Model Bake-off
How the prediction model was chosen — seven forecasting approaches, scored head-to-head under cross-validation on 1,667 World-Cup-team matches since 2012.
METHODOLOGY
Every candidate is trained and tested on the same data with the same protocol, so differences reflect the model, not the split. We evaluate on held-out World-Cup-vs-World-Cup matches (the prediction target) under two cross-validation schemes, each repeated 100× with bootstrap resampling for confidence intervals:
- Forward — train on the past, predict the future (test = most recent matches, from 2023-07-12). This mirrors the real tournament task and is the headline scheme.
- Random — stratified-by-date holdout (interpolation). A sanity check against the forward result.

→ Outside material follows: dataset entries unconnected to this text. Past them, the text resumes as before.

Lemma channel_loewner a b (M : 'M[C]_a -> 'M[C]_b) X Y c : is_channel M ->
  loewner X (rc c *: Y) -> loewner (M X) (rc c *: M Y).
Proof.
move=> chM XY; have := channel_psd chM XY.
by case: (chM) => linM _ _; rewrite /loewner linearZB.
Qed.

Definition loewner_scalars n (X Y : 'M[C]_n) : set R :=
  [set lam | loewner X (rc lam *: Y)].

Lemma DmaxE n (X Y : 'M[C]_n) :
  supp_sub X Y -> Dmax X Y = (log2 (inf (loewner_scalars X Y)))%:E.
Proof. by rewrite /Dmax => sXY; case: asboolP. Qed.

Lemma Dmax_pinfty n (X Y : 'M[C]_n) : ~ supp_sub X Y -> Dmax X Y = +oo%E.
Proof. by rewrite /Dmax => nsXY; case: asboolP. Qed.

Lemma inf_loewner_scalars_ge1 n (X Y : 'M[C]_n) :
  is_state X -> is_state Y -> loewner_scalars X Y !=set0 ->
  1 <= inf (loewner_scalars X Y).
Proof. by move=> sX sY ne; apply: lb_le_inf ne _ => lam; apply: loewner_scale_ge1. Qed.

Lemma log2_ge0 (x : R) : 1 <= x -> 0 <= log2 x.
Proof. by move=> x1; rewrite /log2 divr_ge0 ?ln_ge0 //; lra. Qed.

Lemma ler_log2 (x y : R) : 0 < x -> x <= y -> log2 x <= log2 y.
Proof.
move=> x0 xy; rewrite /log2 ler_pM2r ?invr_gt0 ?ln_gt0 //; last by lra.
by rewrite ler_ln // posrE (lt_le_trans x0 xy).
Qed.

Lemma log2M (x y : R) : 0 < x -> 0 < y -> log2 (x * y) = log2 x + log2 y.
Proof. by move=> x0 y0; rewrite /log2 lnM ?posrE // mulrDl. Qed.

Lemma Dmax_ge0 n (X Y : 'M[C]_n) : is_state X -> is_state Y -> (0 <= Dmax X Y)%E.
Proof.
move=> sX sY; have [sXY|nsXY] := asboolP (supp_sub X Y); last first.
  by rewrite Dmax_pinfty // leey.
rewrite DmaxE // lee_fin; have [->|ne] := eqVneq (loewner_scalars X Y) set0.
  (* junk values: [inf set0 = 0] and [ln 0 = 0] *)
  by rewrite inf0 /log2 ln0 // mul0r.
by apply/log2_ge0/inf_loewner_scalars_ge1 => //; apply/set0P.
Qed.

Lemma loewner_scalars_lift1 a (X Y : 'M[C]_a) :
  loewner_scalars (lift1 X) (lift1 Y) = loewner_scalars X Y.
Proof.
by apply/seteqP; split => lam; rewrite /loewner_scalars /= -lift1Z => /loewner_lift1.
Qed.

Lemma Dmax_lift1 a (X Y : 'M[C]_a) : Dmax (lift1 X) (lift1 Y) = Dmax X Y.
Proof.
have [sXY|nsXY] := asboolP (supp_sub X Y).
  by rewrite !DmaxE ?loewner_scalars_lift1 // /supp_sub submx_lift1.
by rewrite !Dmax_pinfty // /supp_sub submx_lift1.
Qed.

Lemma Dmax_le_Dmax_chan a b (M N : 'M[C]_a -> 'M[C]_b) X :
  is_state X -> (Dmax (M X) (N X) <= Dmax_chan M N)%E.
Proof.
move=> sX; rewrite -Dmax_lift1 -(ampliate_lift1 M) -(ampliate_lift1 N).
by apply: ereal_sup_ubound; exists 1%N, (lift1 X); split; first exact: state_lift1.
Qed.

Lemma inf_mul_le (A B D : set R) : A !=set0 -> B !=set0 ->
  lbound A 1 -> lbound B 1 -> has_lbound D ->
  (forall x y, A x -> B y -> D (x * y)) -> inf D <= inf A * inf B.
Proof.
move=> neA [y0 By0] A1 B1 lbD ABD.
have pos (x : R) : 1 <= x -> 0 < x := lt_le_trans ltr01.
have infA_gt0 : 0 < inf A := pos _ (lb_le_inf neA A1).
have le_infA y : B y -> inf D / y <= inf A.
  move=> By; apply: lb_le_inf neA _ => x Ax.
  by rewrite ler_pdivrMr ?pos ?B1 //; apply: ge_inf => //; exact: ABD.
have : inf D / inf A <= inf B.
  apply: lb_le_inf; first by exists y0.
  by move=> y By; rewrite ler_pdivrMr // mulrC -ler_pdivrMr ?pos ?B1 // le_infA.
by rewrite ler_pdivrMr // mulrC.
Qed.

Lemma Dmax_chain a b (X Y : 'M[C]_a) (M N : 'M[C]_a -> 'M[C]_b) :
  is_state X -> is_state Y -> is_channel M -> is_channel N ->
  (Dmax (M X) (N Y) <= Dmax X Y + Dmax (M Y) (N Y))%E.
Proof.
move=> sX sY chM chN.
have sMX := channel_state chM sX; have sMY := channel_state chM sY.
have sNY := channel_state chN sY.
have DXY0 := Dmax_ge0 sX sY; have DMNY0 := Dmax_ge0 sMY sNY.
have [sXY|nsXY] := asboolP (supp_sub X Y); last first.
  by rewrite (Dmax_pinfty nsXY) addye ?leey //; apply: contraTneq DMNY0 => ->.
have [sMNY|nsMNY] := asboolP (supp_sub (M Y) (N Y)); last first.
  by rewrite (Dmax_pinfty nsMNY) addey ?leey //; apply: contraTneq DXY0 => ->.
have [l Sl] := psd_submx_loewner (proj1 sX) (proj1 sY) sXY.
have [m Sm] := psd_submx_loewner (proj1 sMY) (proj1 sNY) sMNY.
have scalars_mul l' m' : loewner_scalars X Y l' -> loewner_scalars (M Y) (N Y) m' ->
    loewner_scalars (M X) (N Y) (l' * m').
  move=> Sl' Sm'; apply: loewner_scale_trans (channel_loewner chM Sl') Sm'.
  - exact: le_trans ler01 (loewner_scale_ge1 sX sY Sl').
  - exact/psd_hermitian/(proj1 sMX).
  - exact/psd_hermitian/(proj1 sNY).
have sMXNY : supp_sub (M X) (N Y).
  apply: submx_trans (loewner_submx (proj1 sMX) (scalars_mul _ _ Sl Sm)) _.
  exact: scalemx_sub.
have inf_gt0 n (U V : 'M[C]_n) lam : is_state U -> is_state V ->
    loewner_scalars U V lam -> 0 < inf (loewner_scalars U V).
  move=> sU sV Slam; apply: lt_le_trans ltr01 (inf_loewner_scalars_ge1 sU sV _).
  by exists lam.
have infXY_gt0 := inf_gt0 _ _ _ _ sX sY Sl.
have infMNY_gt0 := inf_gt0 _ _ _ _ sMY sNY Sm.
rewrite !DmaxE // -EFinD lee_fin -log2M //.
apply: ler_log2; first exact: inf_gt0 (scalars_mul _ _ Sl Sm).
apply: inf_mul_le scalars_mul; [by exists l | by exists m | | | exists 1];
  by move=> lam; apply: loewner_scale_ge1.
Qed.

Lemma lb_ereal_infD (f : \bar R) (SA SB : set (\bar R)) :
  (forall x, SA x -> (0 <= x)%E) -> (forall y, SB y -> (0 <= y)%E) ->
  (forall x y, SA x -> SB y -> (f <= x + y)%E) ->
  (f <= ereal_inf SA + ereal_inf SB)%E.
Proof.
move=> SA0 SB0 fAB.
have infA0 : (0 <= ereal_inf SA)%E by apply/ereal_infP.
have infB0 : (0 <= ereal_inf SB)%E by apply/ereal_infP.
case eA: (ereal_inf SA) infA0 => [x| |] // _; last first.
  by rewrite addye ?leey //; apply: contraTneq infB0 => ->.
case eB: (ereal_inf SB) infB0 => [y| |] // _; last by rewrite addey // leey.
apply/lee_addgt0Pr => e e0.
have e2 : 0 < e / 2 by rewrite divr_gt0.
have finA : ereal_inf SA \is a fin_num by rewrite eA.
have finB : ereal_inf SB \is a fin_num by rewrite eB.
have [x' Ax' ltx'] := lb_ereal_inf_adherent e2 finA.
have [y' By' lty'] := lb_ereal_inf_adherent e2 finB.
rewrite eA in ltx'; rewrite eB in lty'.
apply: le_trans (fAB _ _ Ax' By') (le_trans (leeD (ltW ltx') (ltW lty')) _).
by rewrite -!EFinD lee_fin; lra.
Qed.

End QuantumResource.

Theorem proposition1 (R : realType) (T : resource_theory R) (A B : sys T)
  (rho : 'M[R[i]]_(sdim T A)) (M : 'M[R[i]]_(sdim T A) -> 'M[R[i]]_(sdim T B)) :
  is_state rho -> is_channel M ->
  (DmaxF_state (M rho) <= DmaxF_state rho + DmaxF_chan M)%E.
Proof.
move=> srho chM; apply: lb_ereal_infD.
- by move=> _ [om /(free_state_is_state _ _ _ _) som <-]; exact: Dmax_ge0.
- move=> _ [N /(free_channel_is_channel _ _ _ _ _) chN <-].
  apply: le_trans (Dmax_le_Dmax_chan M N srho).
  exact: Dmax_ge0 (channel_state chM srho) (channel_state chN srho).
move=> _ _ [om fom <-] [N fN <-].
have som := free_state_is_state _ _ _ _ fom.
have chN := free_channel_is_channel _ _ _ _ _ fN.
apply: le_trans (leeD2l _ (Dmax_le_Dmax_chan M N som)).
apply: le_trans (Dmax_chain srho som chM chN).
by apply: ereal_inf_lbound; exists (N om) => //; exact: free_closed _ _ _ _ _ _ fN fom.
Qed.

Each forecast is graded on two proper scoring rules and a calibration decomposition:
- RPS (Ranked Probability Score) — accuracy of the Win/Draw/Loss probabilities; the standard football metric. Lower is better.
- Log-score — accuracy of the full scoreline distribution (only for models that produce one). Lower is better.
- Calibration (CORP / Murphy decomposition) — splits the score into MCB (miscalibration — are the probabilities honest? lower is better) and DSC (discrimination — do they separate outcomes? higher is better). This is why two models with similar RPS can be very different.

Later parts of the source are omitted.